International enterprise improvement and worldwide strategic control keep conforming as economic, social and cultural globalization maintains and nations turn out to be extra incorporated thru networks of exchanges. Global groups that appoint enterprise improvement experts in a couple of places that proportion precisely the equal understanding, ethics, practices, and requirements enjoy the sharing of understanding and ethics. These groups, just like the societies wherein they perform, are in a tremendous function for boom.
Professionals engaged in worldwide enterprise improvement (not like home or home efforts) want to accumulate particular competencies associated with the use of a wherein they do enterprise. This consists of a know-how of the goal us of a's economy, history, lifestyle, law, enterprise practices and exchange patterns. It additionally consists of a vast know-how of troubles not unusual place to all worldwide paintings, inclusive of worldwide travel, hazard mitigation and worldwide contracts. Most groups surprising with worldwide enterprise improvement or geographically surprising with the assist of third-celebration consulting corporations specializing in both cross-cultural paintings and particular nations. Some governments also are offering help on this place to groups searching for to create jobs of their very own nations with the aid of using selling exports.
International enterprise improvement and worldwide strategic control industries permeate present markets, frequently developing new ones with the aid of using introducing new services and products to businesses, individuals, non-earnings organizations, and authorities’ agencies. It is a specialised subject to do.

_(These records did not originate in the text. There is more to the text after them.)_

Lemma hexagon_rhsE (X Y Z : gvs) (p : forall Y : gvs, gmx K (tens X Y) (tens Y X))
    x y z y' z' x' :
  compm (assoc_inv Y Z X)
    (compm (tensm (@idm K G Y) (p Z))
      (compm (assoc Y X Z)
        (compm (tensm (p Y) (@idm K G Z)) (assoc_inv X Y Z)))) (x, (y, z)) ((y', z'), x')
  = (w (gdeg x) (gdeg y) (gdeg z))^-1 * (w (gdeg y') (gdeg z') (gdeg x'))^-1 *
    \sum_x1 p Y (x, y) (y', x1) * w (gdeg y') (gdeg x1) (gdeg z) * p Z (x1, z) (z', x').
Proof.
rewrite compm_assoc_invl /= {1}/compm.
under [in LHS]eq_bigr => q _ do rewrite compm_assocl compm_assoc_invr.
rewrite sumr_pair (bigD1 y') //= [X in _ + X]big1 ?addr0; last first.
  move=> a ne; apply: big1 => b _; rewrite /tensm /idm /= eq_sym (negPf ne).
  by rewrite !(mul0r, mulr0).
rewrite sumr_pair mulr_sumr mulr_suml; apply: eq_bigr => x1 _.
rewrite (bigD1 z) //= [X in _ + X]big1 ?addr0; last first.
  move=> c ne; rewrite /tensm /idm /= eq_sym (negPf ne).
  by rewrite !(mul0r, mulr0).
rewrite /tensm /idm /= !eqxx mulr1 mul1r; ring.
Qed.

Lemma giso_gdeg (X Y : gvs) (d : G) : giso K X Y ->
  (forall y : gbasis Y, gdeg y = d) -> forall x : gbasis X, gdeg x = d.
Proof.
case=> f [g [homf _ gf _]] dY x; apply/eqP/negP => /negP dx.
have := gf x x; rewrite /compm /idm eqxx big1 => [/esym/eqP|y _].
  by rewrite oner_eq0.
by rewrite homf ?mul0r // dY.
Qed.

Definition gmx_mx (A B : gvs) (h : gmx K A B) : 'M[K]_(#|gbasis A|, #|gbasis B|) :=
  \matrix_(i, j) h (enum_val i) (enum_val j).

Lemma gmx_mxM (A B C : gvs) (h : gmx K A B) (k : gmx K B C) :
  gmx_mx h *m gmx_mx k = gmx_mx (compm k h).
Proof.
apply/matrixP => i j; rewrite !mxE; under eq_bigr do rewrite !mxE.
rewrite /compm [RHS](reindex (enum_val : 'I_#|gbasis B| -> _)) //.
by exists enum_rank => b _; rewrite ?enum_valK ?enum_rankK.
Qed.

Lemma gmx_mx1 (A : gvs) (h : gmx K A A) : mx_eq h (@idm K G A) -> gmx_mx h = 1%:M.
Proof. by move=> hE; apply/matrixP => i j; rewrite !mxE hE /idm (inj_eq enum_val_inj). Qed.

Lemma giso_card (X Y : gvs) : giso K X Y -> #|gbasis X| = #|gbasis Y|.
Proof.
case=> f [g [_ _ gf fg]]; apply/eqP; rewrite eqn_leq.
by rewrite (mulmx1_min (etrans (gmx_mxM f g) (gmx_mx1 gf)))
           (mulmx1_min (etrans (gmx_mxM g f) (gmx_mx1 fg))).
Qed.

Lemma giso_const_gdeg (X Y : gvs) (d : G) :
  (forall x : gbasis X, gdeg x = d) -> (forall y : gbasis Y, gdeg y = d) ->
  #|gbasis X| = #|gbasis Y| -> giso K X Y.
Proof.
move=> dX dY cardXY.
pose e (x : gbasis X) : gbasis Y := enum_val (cast_ord cardXY (enum_rank x)).
pose e' (y : gbasis Y) : gbasis X := enum_val (cast_ord (esym cardXY) (enum_rank y)).
have e'K : cancel e' e by move=> y; rewrite /e /e' enum_valK cast_ordKV enum_rankK.
have eK : cancel e e' by move=> x; rewrite /e /e' enum_valK cast_ordK enum_rankK.
exists (fun x y => (e x == y)%:R), (fun y x => (e x == y)%:R); split.
- by move=> x y; rewrite dX dY eqxx.
- by move=> y x; rewrite dX dY eqxx.
- move=> x x'; rewrite /compm /idm (bigD1 (e x)) //= [X in _ + X]big1 ?addr0.
    by rewrite eqxx mul1r (inj_eq (can_inj eK)) eq_sym.
  by move=> y /negPf; rewrite eq_sym => ->; rewrite mul0r.
- move=> y y'; rewrite /compm /idm (bigD1 (e' y)) //= [X in _ + X]big1 ?addr0.
    by rewrite e'K eqxx mul1r.
  move=> x ne; case: eqP => [ex|_]; last by rewrite mul0r.
  by rewrite -ex eK eqxx in ne.
Qed.

End GradedSpaces.

Lemma coboundary_sym (L : fieldType) (G : zmodType) (gam : G -> G -> L) :
  is_coboundary gam -> forall g h, gam g h = gam h g.
Proof. by case=> mu [_ gamE] g h; rewrite !gamE addrC (mulrC (mu g)). Qed.

Section Example.
Variables (n' : nat) (K : fieldType) (zeta : K).
Hypothesis prim : (n'.+2).-primitive_root zeta.
Local Notation N := n'.+2.
Local Notation w := (omega_ex zeta).
Local Notation gam := (gamma_wz w (e1 N)).

Lemma val_Zp1 : (1 %% (Zp_trunc N).+2 = 1)%N.
Proof. by rewrite modn_small. Qed.

Lemma omega_ex_e1l g h : w (e1 N) g h = zeta ^+ (c2 g * c3 h).
Proof. by rewrite /omega_ex /c1 /e1 /= val_Zp1 mul1n. Qed.

Lemma omega_ex_e1m g h : w g (e1 N) h = 1.
Proof. by rewrite /omega_ex /c2 /e1 /= muln0 mul0n expr0. Qed.

Lemma omega_ex_e1r g h : w g h (e1 N) = 1.
Proof. by rewrite /omega_ex /c3 /e1 /= muln0 expr0. Qed.

Lemma gamma_exE g h : gam g h = zeta ^+ (c2 g * c3 h).
Proof. by rewrite /gamma_wz omega_ex_e1r omega_ex_e1m omega_ex_e1l divr1 mul1r. Qed.

Definition e2 : G3 N := (0, 1, 0).
Definition e3 : G3 N := (0, 0, 1).

Lemma gamma_ex_not_coboundary : ~ is_coboundary gam.
Proof.
move/coboundary_sym/(_ e2 e3)/eqP; rewrite !gamma_exE /c2 /c3 /= val_Zp1.
by rewrite muln1 mul0n expr0 -(prim_order_dvd prim) gtnNdvd.
Qed.

Lemma zeta_neq0 : zeta != 0.
Proof. by rewrite (prim_root_eq0 prim). Qed.

Lemma zeta_mulmodr a b : zeta ^+ (a * (b %% N)) = zeta ^+ (a * b).
Proof. by rewrite mulnC exprM (prim_expr_mod prim) -exprM mulnC. Qed.

Lemma zeta_modmull a b : zeta ^+ ((a %% N) * b) = zeta ^+ (a * b).
Proof. by rewrite exprM (prim_expr_mod prim) -exprM. Qed.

Topics not unusual place to worldwide enterprise improvement encompass ethics, philosophy, economics, politics, marketing, control, and technology. International enterprise improvement experts have understanding of strategic relationships, licensing, partnerships, highbrow property, new technologies, honest practices, cultural differences, worldwide marketing, statistics control, understanding control, finance and marketing and marketing legality. All of those have an effect on enterprise improvement within. Culture and its economy. Specific initiatives frequently tasked with worldwide enterprise improvement experts encompass growing merger / acquisition strategies, figuring out and reviewing goal groups, growing strategic grounds for transactions, making sure regulatory compliance, and cross-cultural communication.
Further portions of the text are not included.